The problem with Stossel is that he doesn’t care about reason. Only what matches up with the brilldunce that is John Stossel’s world view.

He still thinks that food inspection is overrated.


we don’t want to make co-payments TOO cheap, which will just encourage people to over-use the system

Wait, now going to the doctor is bad? One of the reasons I want to see everyone insured is so they go see the doctor when they need to. No one relishes a trip to get poked and prodded, but there’s no sense in encouraging people to stay away from the doctor’s office until they need treatment, vs. preventative medicine.

I agree with you, though, that the only way to we can cover everyone is if everyone carries insurance. I’d like to see everyone carry good insurance as well, instead of whatever the market will bear (which will end up being catastrophy insurance instead of keep-’em-healthy insurance). I wouldn’t suspect that overuse of the system is going to be the problem — it’s always been difficult to get people in to see the doctor when they should.

If Congress can knock out the pre-existing exemption, and rate hikes based on claims (ie, charge your ass way more once you get cancer), those will be huge. Even better would be if they could establish a Federal insurance company, subsidized or not — if the private insurers can compete, bully for them. If they can’t, I’ll be happy to see them go. But if all that comes out of this session is a law saying, “You gotta go buy insurance, right now!” then I’m going to be sorely disappointed.

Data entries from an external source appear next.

(* Let $P$ be a simple orthogonal polygon. If $u$ is an NE-reflex vertex and $v$ is an SW-reflex vertex of $P$ with $v.x\ge u.x$ and $v.y\ge u.y$, then $\{0^\circ,90^\circ\}$-Kernel$_\theta(P)=\emptyset$ for every $\theta\in(0,\frac{\pi}{2})$. Similarly, if $u'$ is an NW-reflex vertex and $v'$ is an SE-reflex vertex of $P$ with $v'.x\le u'.x$ and $v'.y\ge u'.y$, then $\{0^\circ,90^\circ\}$-Kernel$_\theta(P)=\emptyset$ for every $\theta\in(0,\frac{\pi}{2})$.
   Context: An orthogonal polygon is a polygon all of whose edges are horizontal or vertical. An edge is an N-edge (resp. S-, E-, W-edge) if it bounds the polygon from the north (resp. south, east, west), i.e. the interior of $P$ lies immediately below (resp. above, to the left, to the right) of it. A reflex vertex is an NE-reflex vertex if it is incident to an N-edge and an E-edge; NW-, SE-, SW-reflex vertices are defined analogously. For a vertex $w$, $w.x$ and $w.y$ are its coordinates. For an angle $\beta$, a curve is $\beta$-convex if its intersection with every line forming counterclockwise angle $\beta$ with the positive $x$-axis is connected. For $\theta\in[0,\pi/2)$, two points $p,q\in P$ see each other with respect to $\{0^\circ,90^\circ\}$ rotated by $\theta$ if some curve contained in $P$ connecting them is both $\theta$-convex and $(\theta+90^\circ)$-convex; $\{0^\circ,90^\circ\}$-Kernel$_\theta(P)$ is the set of points of $P$ that see every point of $P$ in this sense. *)

From HB Require Import structures.
From mathcomp Require Import all_boot all_order all_algebra.
From mathcomp Require Import all_classical all_reals all_analysis.
Set Implicit Arguments. Unset Strict Implicit. Unset Printing Implicit Defensive.
Import Order.TTheory GRing.Theory Num.Theory.
Import numFieldNormedType.Exports.
Local Open Scope classical_set_scope.
Local Open Scope ring_scope.

Section Polygon.
Variable R : realType.
Notation pt := (R * R)%type.

(* A polygon is given by its cyclic list of vertices v_0, ..., v_{n-1};
   edges are the segments [v_i, v_{i+1}] (indices mod n). *)
Definition vtx (s : seq pt) (i : nat) : pt := nth (0, 0) s (i %% size s)%N.

Definition seg (a b : pt) : set pt :=
  [set p | exists t : R, 0 <= t <= 1 /\
     p = (a.1 + t * (b.1 - a.1), a.2 + t * (b.2 - a.2))].

Definition oseg (a b : pt) : set pt :=
  [set p | exists t : R, 0 < t < 1 /\
     p = (a.1 + t * (b.1 - a.1), a.2 + t * (b.2 - a.2))].

Definition edge (s : seq pt) (i : nat) : set pt := seg (vtx s i) (vtx s i.+1).

Definition horizontal (a b : pt) : Prop := a.2 = b.2 /\ a.1 <> b.1.
Definition vertical (a b : pt) : Prop := a.1 = b.1 /\ a.2 <> b.2.

(* orthogonal polygon: every edge is horizontal or vertical, and
   consecutive edges alternate (no degenerate or collinear vertices) *)
Definition orthogonal_polygon (s : seq pt) : Prop :=
  (4 <= size s)%N /\
  forall i, (i < size s)%N ->
    (horizontal (vtx s i) (vtx s i.+1) /\ vertical (vtx s i.+1) (vtx s i.+2)) \/
    (vertical (vtx s i) (vtx s i.+1) /\ horizontal (vtx s i.+1) (vtx s i.+2)).

Definition simple_polygon (s : seq pt) : Prop :=
  forall i j, (i < size s)%N -> (j < size s)%N -> i <> j ->
    (j = (i.+1 %% size s)%N -> edge s i `&` edge s j = [set vtx s i.+1]) /\
    (j <> (i.+1 %% size s)%N -> i <> (j.+1 %% size s)%N -> edge s i `&` edge s j = set0).

Definition simple_orthogonal_polygon (s : seq pt) : Prop :=
  orthogonal_polygon s /\ simple_polygon s.

Definition boundary (s : seq pt) : set pt :=
  [set p | exists i, (i < size s)%N /\ edge s i p].

Definition bounded_set2 (A : set pt) : Prop :=
  exists M : R, forall p, A p -> `|p.1| <= M /\ `|p.2| <= M.

(* interior: the points off the boundary whose component in the complement
   of the boundary is bounded (Jordan curve theorem) *)
Definition pinterior (s : seq pt) : set pt :=
  [set p | ~ boundary s p /\ bounded_set2 (connected_component (~` boundary s) p)].

(* the polygon P as a closed region *)
Definition region (s : seq pt) : set pt := boundary s `|` pinterior s.

Definition N_edge (s : seq pt) (i : nat) : Prop :=
  horizontal (vtx s i) (vtx s i.+1) /\
  forall p, oseg (vtx s i) (vtx s i.+1) p -> exists2 e : R, 0 < e &
    forall t : R, 0 < t < e -> pinterior s (p.1, p.2 - t) /\ ~ region s (p.1, p.2 + t).
Definition S_edge (s : seq pt) (i : nat) : Prop :=
  horizontal (vtx s i) (vtx s i.+1) /\
  forall p, oseg (vtx s i) (vtx s i.+1) p -> exists2 e : R, 0 < e &
    forall t : R, 0 < t < e -> pinterior s (p.1, p.2 + t) /\ ~ region s (p.1, p.2 - t).
Definition E_edge (s : seq pt) (i : nat) : Prop :=
  vertical (vtx s i) (vtx s i.+1) /\
  forall p, oseg (vtx s i) (vtx s i.+1) p -> exists2 e : R, 0 < e &
    forall t : R, 0 < t < e -> pinterior s (p.1 - t, p.2) /\ ~ region s (p.1 + t, p.2).
Definition W_edge (s : seq pt) (i : nat) : Prop :=
  vertical (vtx s i) (vtx s i.+1) /\
  forall p, oseg (vtx s i) (vtx s i.+1) p -> exists2 e : R, 0 < e &
    forall t : R, 0 < t < e -> pinterior s (p.1 + t, p.2) /\ ~ region s (p.1 - t, p.2).

(* vertex i is incident to edges i-1 (= i + n - 1 mod n) and i *)
Definition incident_edge (s : seq pt) (i k : nat) : Prop :=
  k = i \/ k = ((i + size s).-1 %% size s)%N.

(* reflex vertex: interior angle 270 degrees, i.e. near the vertex exactly
   three of the four open quadrants lie in the interior of P *)
Definition reflex (s : seq pt) (i : nat) : Prop :=
  exists2 e : R, 0 < e & forall t : R, 0 < t < e ->
    let w := vtx s i in
    count (fun p => `[< pinterior s p >])
      [:: (w.1 + t, w.2 + t); (w.1 - t, w.2 + t);
          (w.1 - t, w.2 - t); (w.1 + t, w.2 - t)] = 3%N.

Definition NE_reflex (s : seq pt) (i : nat) : Prop :=
  (i < size s)%N /\ reflex s i /\
  (exists k, incident_edge s i k /\ N_edge s k) /\
  (exists k, incident_edge s i k /\ E_edge s k).
Definition NW_reflex (s : seq pt) (i : nat) : Prop :=
  (i < size s)%N /\ reflex s i /\
  (exists k, incident_edge s i k /\ N_edge s k) /\
  (exists k, incident_edge s i k /\ W_edge s k).
Definition SE_reflex (s : seq pt) (i : nat) : Prop :=
  (i < size s)%N /\ reflex s i /\
  (exists k, incident_edge s i k /\ S_edge s k) /\
  (exists k, incident_edge s i k /\ E_edge s k).
Definition SW_reflex (s : seq pt) (i : nat) : Prop :=
  (i < size s)%N /\ reflex s i /\
  (exists k, incident_edge s i k /\ S_edge s k) /\
  (exists k, incident_edge s i k /\ W_edge s k).

Definition line_at (beta : R) (a : pt) : set pt :=
  [set p | exists r : R, p = (a.1 + r * cos beta, a.2 + r * sin beta)].

Definition beta_convex (beta : R) (C : set pt) : Prop :=
  forall a : pt, connected (C `&` line_at beta a).

(* p and q see each other w.r.t. {0,90} rotated by theta, inside P *)
Definition sees (theta : R) (P : set pt) (p q : pt) : Prop :=
  exists g : R -> pt,
    {within `[0, 1], continuous g} /\ g 0 = p /\ g 1 = q /\
    g @` `[0, 1] `<=` P /\
    beta_convex theta (g @` `[0, 1]) /\
    beta_convex (theta + pi / 2) (g @` `[0, 1]).

Definition kernel_theta (theta : R) (P : set pt) : set pt :=
  [set p | P p /\ forall q, P q -> sees theta P p q].

End Polygon.

From HB Require Import structures.
From mathcomp Require Import all_boot all_order all_algebra.
From mathcomp Require Import all_classical all_reals all_analysis.
From mathcomp Require Import ring lra zify.
Import Order.TTheory GRing.Theory Num.Theory.
Import numFieldNormedType.Exports.
Local Open Scope classical_set_scope.
Local Open Scope ring_scope.
Set Implicit Arguments. Unset Strict Implicit. Unset Printing Implicit Defensive.

(* Write m = (cos θ, sin θ) and m⊥ = (-sin θ, cos θ) for the two axis
   directions of the rotated frame.  A curve that is both θ- and
   (θ + 90°)-convex and joins q to a point p ≠ q of a closed quadrant
   q + ℝ≥0 d1 + ℝ≥0 d2 (d1, d2 ∈ {±m, ±m⊥} orthogonal) comes arbitrarily close
   to q inside the punctured quadrant: convexity along d1 and d2 pulls points
   on the two boundary rays towards q, and connectedness does the rest.
   Near a point q in the relative interior of an edge, P is a half-plane; so
   if the punctured quadrant points to the outside there, p cannot see q.
   At an NE-reflex vertex u the vertical edge goes up from u.  A kernel point
   p with dot (p - u) m > 0 lies in such an outward quadrant at a point q of
   the vertical edge (if dot (p - u) m⊥ <= 0) or of the horizontal edge (if
   not), taken close enough to u.  Hence dot (p - u) m <= 0, and symmetrically
   dot (p - v) m >= 0 at the SW-reflex vertex v.  As v - u has nonnegative
   coordinates and m positive ones, u = v; but the vertical edge at v goes
   down.  The NW/SE case is the same with m⊥ in place of m. *)

Section PlaneGeometry.
Variable R : realType.
Notation pt := (R * R)%type.
Implicit Types (p q w z d n : pt) (t : R).

Lemma exists_pos_lt (e1 e2 : R) : 0 < e1 -> 0 < e2 ->
  exists2 t : R, 0 < t & t < e1 /\ t < e2.
Proof.
move=> e10 e20; exists (Num.min e1 e2 / 2); first by rewrite divr_gt0 // lt_min e10.
have m1 : Num.min e1 e2 <= e1 by rewrite ge_min lexx.
have m2 : Num.min e1 e2 <= e2 by rewrite ge_min lexx orbT.
have : 0 < Num.min e1 e2 by rewrite lt_min e10.
by split; lra.
Qed.

Lemma cos_sin_gt0 (th : R) : 0 < th < pi / 2 -> 0 < cos th /\ 0 < sin th.
Proof.
move=> /andP[th0 th1]; split; last by apply: sin_gt0_pihalf; rewrite th0.
apply: cos_gt0_pihalf; rewrite th1 andbT; apply: lt_trans th0.
by rewrite oppr_lt0 divr_gt0 ?pi_gt0.
Qed.

Lemma pt_ext (a b : pt) : a.1 = b.1 -> a.2 = b.2 -> a = b.
Proof. by case: a b => ? ? [? ?] /= -> ->. Qed.

Lemma scale_ptE t d : t *: d = (t * d.1, t * d.2).
Proof. by case: d. Qed.

Lemma shift_ptE q t (a b : R) : q + t *: (a, b) = (q.1 + t * a, q.2 + t * b).
Proof. by case: q. Qed.

Lemma ball_ptE q e z : ball q e z <-> `|q.1 - z.1| < e /\ `|q.2 - z.2| < e.
Proof. by rewrite /ball /= /prod_ball /= -!ball_normE. Qed.

Definition dot (a b : pt) : R := a.1 * b.1 + a.2 * b.2.

Lemma dotC d d' : dot d d' = dot d' d.
Proof. by rewrite /dot mulrC (mulrC d.2). Qed.

Lemma dot0 d : dot 0 d = 0.
Proof. by rewrite /dot /= !mul0r addr0. Qed.

Lemma dotNl d d' : dot (- d) d' = - dot d d'.
Proof. by rewrite /dot /=; ring. Qed.

Lemma dotNr d d' : dot d (- d') = - dot d d'.
Proof. by rewrite /dot /=; ring. Qed.

Lemma dot_gt0_neq p q d : 0 < dot (p - q) d -> p <> q.
Proof. by move=> h E; move: h; rewrite E subrr dot0 ltxx. Qed.

Lemma dot_shift q r d d' : dot (q + r *: d - q) d' = r * dot d d'.
Proof. by rewrite addrC addKr /dot scale_ptE /=; ring. Qed.

Lemma dot_squeeze_eq a b p m : m.1 != 0 -> m.2 != 0 ->
  0 <= (b.1 - a.1) * m.1 -> 0 <= (b.2 - a.2) * m.2 ->
  dot (p - a) m <= 0 -> 0 <= dot (p - b) m -> a = b.
Proof.
rewrite /dot /= => m1 m2 h1 h2 pa pb.
have /eqP : (b.1 - a.1) * m.1 = 0 by lra.
have /eqP : (b.2 - a.2) * m.2 = 0 by lra.
rewrite !mulf_eq0 (negPf m1) (negPf m2) !orbF !subr_eq0 => /eqP e2 /eqP e1.
exact: pt_ext.
Qed.

Lemma unit_coord_le1 n : dot n n = 1 -> `|n.1| <= 1 /\ `|n.2| <= 1.
Proof. by rewrite /dot => n1; split; rewrite ler_norml; apply/andP; split; nra. Qed.

Lemma ball_unit_shift q n e t : dot n n = 1 -> 0 <= t < e -> ball q e (q + t *: n).
Proof.
move=> /unit_coord_le1 [n1 n2] /andP[t0 te]; rewrite ball_ptE scale_ptE /=.
by rewrite !opprD !addrA !subrr !sub0r !normrN !normrM (ger0_norm t0); split; nra.
Qed.

Lemma dot_continuous q d : continuous (fun z => dot (z - q) d).
Proof.
move=> z; rewrite /dot /=; apply: cvgD; apply: cvgMr_tmp; apply: cvgB; try exact: cvg_cst.
- exact: cvg_fst.
- exact: cvg_snd.
Qed.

@IanJ: Looking forward to the “TITAN UP!” health care insurance jingles, and the Progressive girl in a doctor coat. Oh, and the lizard and the Allstate guy also: “When you get fucked up in the crash, well, we can throw you some cash for that, too.”

@IanJ: So whats wrong with medicare for all?

Noone can “over-use” a system if the doctors simply refuse to go along. No ethical doctor would permit it.

Have you seen that the republican governors are now looking to assert “state sovereignty” and the 10th amendment and are planning to refuse to have their states participate in any health care system that passes? Their fucktardery knows no bounds.


“Coverage for all” sounds great, but the products the insurers want to sell simply won’t make sense as a requirement.

One example: at my last consulting gig, they offered an insurance package through Anthem Blue Cross. Premium was ~$350/mo, with a $1000 deductible and 40% coinsurance on most major medical stuff, topping out at $5k out-of-pocket for an individual. This was at a job making <$40k, so if you actually got sick you were looking at 25% of your pre-tax income going to health expenses.

Even worse: another old company (Pearson) offered an "insurance" plan to us temporary employees. (link) That plan is pretty close to what I think will end up being pushed onto low-income workers if the mandate passes without a public option. For a premium of $175 a month (almost half a week’s pre-tax pay with what we were getting) you get absolutely piss-poor coverage. For example: $750/day coverage for a hospital stay, with only 50% of Medicare rates for surgery. Essentially, you get sick -> you go broke, but you’re paying premiums WHILE going broke. Did I mention that the plan is also paid directly by the employee, so doesn’t get the tax advantage of a real employer plan?

The only thing worse than forcing people to pay for that kind of coverage is subsidizing that coverage – the insurer gets rich, the sick still go broke.